In this article, we will be discussing static data members and static member functions in C++. We will understand what makes them different from normal data members and how to use them properly. Additionally, we will understand the static initialisation order of data members. At last, we will look at an example of using the knowledge we gained to implement Singleton classes.

So let us begin…!

Static Data Members

A data member, marked static, is not associated with any object of that class. Instead, that member is associated with the class itself.

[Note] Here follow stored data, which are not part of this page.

(* Let $S,T$ be totally ordered sets and $M\colon S\times T\to\mathbf{Vec}$ pointwise finite-dimensional, middle exact and indecomposable. If there exist $x\le x'$ in $S$ and $y\le y'$ in $T$ such that, with $b=(x,y')$, $c=(x',y)$, $d=(x',y')$, the map $M_b\oplus M_c\xrightarrow{M(b\le d)-M(c\le d)}M_d$ is not surjective, then $M\cong k_B$ for a block $B$ of type bb.
   Context: $S\times T$ has the product order; modules are functors to $k$-vector spaces with structure maps $M(p\le q)$. Middle exact: for all $x\le x'$, $y\le y'$ with $a=(x,y),b=(x,y'),c=(x',y),d=(x',y')$, the sequence $M_a\to M_b\oplus M_c\to M_d$ with maps $(M(a\le b),M(a\le c))$ and $M(b\le d)-M(c\le d)$ is exact at the middle. A block of type bb is a set $J_S\times J_T$ where $J_S\subseteq S$ and $J_T\subseteq T$ are non-empty upward-closed subsets. $k_B$ is $k$ on $B$, $0$ elsewhere, with identity maps within $B$ and zero otherwise. *)

From HB Require Import structures.
From mathcomp Require Import all_boot all_order all_algebra.
Set Implicit Arguments. Unset Strict Implicit. Unset Printing Implicit Defensive.
Import Order.TTheory GRing.Theory.
Local Open Scope ring_scope.

(* M_p is represented as k^(pdim p)
   (row vectors); the structure map M(p<=q) is the matrix pmap p q, acting on
   the right: v |-> v *m pmap p q.  pmap p q is only meaningful for p <= q. *)

Section PFD.
Variables (k : fieldType) (dS dT : Order.disp_t)
          (S : orderType dS) (T : orderType dT).

Definition ple (p q : S * T) : bool := ((p.1 <= q.1)%O && (p.2 <= q.2)%O).

Record pfdMod := PfdMod {
  pdim : S * T -> nat;
  pmap : forall p q : S * T, 'M[k]_(pdim p, pdim q);
  pmap_id : forall p, pmap p p = 1%:M;
  pmap_comp : forall p q r, ple p q -> ple q r ->
                (pmap p q *m pmap q r = pmap p r)%R
}.

Definition mod_iso (M N : pfdMod) : Prop :=
  exists (f : forall p, 'M[k]_(pdim M p, pdim N p))
         (g : forall p, 'M[k]_(pdim N p, pdim M p)),
    (forall p, (f p *m g p = 1%:M)%R /\ (g p *m f p = 1%:M)%R) /\
    (forall p q, ple p q -> (pmap M p q *m f q = f p *m pmap N p q)%R).

Definition dsum_map (M N : pfdMod) p q :
  'M[k]_(pdim M p + pdim N p, pdim M q + pdim N q) :=
  block_mx (pmap M p q) 0%R 0%R (pmap N p q).

Lemma dsum_id (M N : pfdMod) p : dsum_map M N p p = 1%:M.
Proof. by rewrite /dsum_map !pmap_id -scalar_mx_block. Qed.

Lemma dsum_comp (M N : pfdMod) p q r : ple p q -> ple q r ->
  (dsum_map M N p q *m dsum_map M N q r = dsum_map M N p r)%R.
Proof.
move=> hpq hqr; rewrite /dsum_map mulmx_block !mulmx0 !mul0mx !addr0 !add0r.
by rewrite !pmap_comp.
Qed.

Definition dsum (M N : pfdMod) : pfdMod :=
  PfdMod (@dsum_id M N) (@dsum_comp M N).

Definition zero_mod (M : pfdMod) : Prop := forall p, pdim M p = 0%N.

Definition indecomposable (M : pfdMod) : Prop :=
  ~ zero_mod M /\
  forall N1 N2 : pfdMod, mod_iso M (dsum N1 N2) -> zero_mod N1 \/ zero_mod N2.

Definition sq_diff (M : pfdMod) (b c d : S * T)
  (v : 'rV[k]_(pdim M b)) (w : 'rV[k]_(pdim M c)) : 'rV[k]_(pdim M d) :=
  (v *m pmap M b d - w *m pmap M c d)%R.

Definition middle_exact (M : pfdMod) : Prop :=
  forall (x x' : S) (y y' : T), (x <= x')%O -> (y <= y')%O ->
    let a := (x, y) in let b := (x, y') in
    let c := (x', y) in let d := (x', y') in
    forall (v : 'rV[k]_(pdim M b)) (w : 'rV[k]_(pdim M c)),
      sq_diff d v w = 0%R <->
      exists u : 'rV[k]_(pdim M a),
        v = (u *m pmap M a b)%R /\ w = (u *m pmap M a c)%R.

Definition up_closed {d} {X : porderType d} (J : pred X) : Prop :=
  forall s s', s \in J -> (s <= s')%O -> s' \in J.
Definition nonempty {X : Type} (J : pred X) : Prop := exists s, s \in J.


Definition inB (JS : pred S) (JT : pred T) (p : S * T) : bool :=
  (p.1 \in JS) && (p.2 \in JT).

Definition kB_map (JS : pred S) (JT : pred T) p q :
  'M[k]_(nat_of_bool (inB JS JT p), nat_of_bool (inB JS JT q)) :=
  \matrix_(i, j) (if inB JS JT p && inB JS JT q then 1%R else 0%R).

Lemma kB_id JS JT p : kB_map JS JT p p = 1%:M.
Proof.
rewrite /kB_map; case: (inB JS JT p); apply/matrixP => i j; rewrite !mxE //=.
  by rewrite !ord1.
by case: i.
Qed.

Lemma inB_up JS JT (hS : up_closed JS) (hT : up_closed JT) p q :
  ple p q -> inB JS JT p ==> inB JS JT q.
Proof.
case/andP=> h1 h2; apply/implyP; case/andP=> a b; apply/andP; split.
  exact: hS a h1.
exact: hT b h2.
Qed.

Lemma kB_comp JS JT (hS : up_closed JS) (hT : up_closed JT) p q r :
  ple p q -> ple q r ->
  (kB_map JS JT p q *m kB_map JS JT q r = kB_map JS JT p r)%R.
Proof.
move=> /(inB_up hS hT) Hpq /(inB_up hS hT) Hqr; rewrite /kB_map.
move: Hpq Hqr; case: (inB JS JT p); case: (inB JS JT q); case: (inB JS JT r)
  => //= _ _; apply/matrixP => i j; rewrite !mxE /=;
  rewrite ?big_ord1 ?big_ord0 ?mxE ?mulr1 ?mul0r //; by case: i.
Qed.

Definition kB (JS : pred S) (JT : pred T)
  (hS : up_closed JS) (hT : up_closed JT) : pfdMod :=
  PfdMod (@kB_id JS JT) (kB_comp hS hT).

End PFD.

(* Let U be the (proper) image of M_b (+) M_c in M_d.  We choose
   - JS = {s | s > x' or the image of M_(s,y') in M_d is not inside U}, and
     s1 in JS below x' whose image V1 is least;
   - JT = {t | t > y' or V1 /\ Im M_(x',t) is not inside U}, t1 in JT below
     y' for which V2 = V1 /\ Im M_(x',t1) is least, and t0 outside JT whose
     image is greatest;
   - v2 in V2 and a functional phi on M_d with phi v2 = 1 that kills
     W = U + Im M_(x',t0)  (V2 is not inside W, by the modular law).
   Middle exactness shows that v2 lifts to every point of B below d, and
   that phi extends to every r >= d by functionals killing the images of the
   points outside B.  Inverse limits of nonempty affine subsets of
   finite-dimensional spaces (via Zorn's lemma) glue these into natural maps
   k_B -> M and M -> k_B composing to the identity of k_B; as M is
   indecomposable, this retraction is an isomorphism. *)

From Pilot Require Import Defs.
From mathcomp Require Import all_boot all_order all_algebra.
From mathcomp Require Import boolp classical_sets.
From mathcomp Require Import zify.
Set Implicit Arguments. Unset Strict Implicit. Unset Printing Implicit Defensive.
Import Order.TTheory GRing.Theory.
Local Open Scope ring_scope.
(* [seq] also defines a [pmap]; we mean the structure maps of a module. *)
Local Notation pmap := Defs.pmap.

Lemma exists_min_measure (X : Type) (P : X -> Prop) (f : X -> nat) :
  (exists x, P x) -> exists x, P x /\ forall y, P y -> (f x <= f y)%N.
Proof.
case=> x0 Px0.
have hex : exists n, `[< exists x, P x /\ f x = n >].
  by exists (f x0); apply/asboolP; exists x0.
case: (ex_minnP hex) => n /asboolP [x [Px fx]] hmin.
exists x; split => // y Py; rewrite fx; apply: hmin; apply/asboolP; by exists y.
Qed.

Lemma exists_max_measure (X : Type) (P : X -> Prop) (f : X -> nat) (N : nat) :
  (exists x, P x) -> (forall x, P x -> (f x <= N)%N) ->
  exists x, P x /\ forall y, P y -> (f y <= f x)%N.
Proof.
move=> hex hN; have [x [Px hx]] := exists_min_measure (fun x => N - f x)%N hex.
exists x; split => // y Py; have := hx y Py; have := hN x Px; have := hN y Py.
lia.
Qed.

All of the static data members are constructed before the main() starts and are destructed after the main() ends. And like normal data members, static data members can also have access specifiers.

Static data members can be accessed —

• with the class-name followed by the scope resolution operator(::)
• as a member of any object of that class

Use of static data members virtually remove the need of using global variables in C++ (or any OOPs environment).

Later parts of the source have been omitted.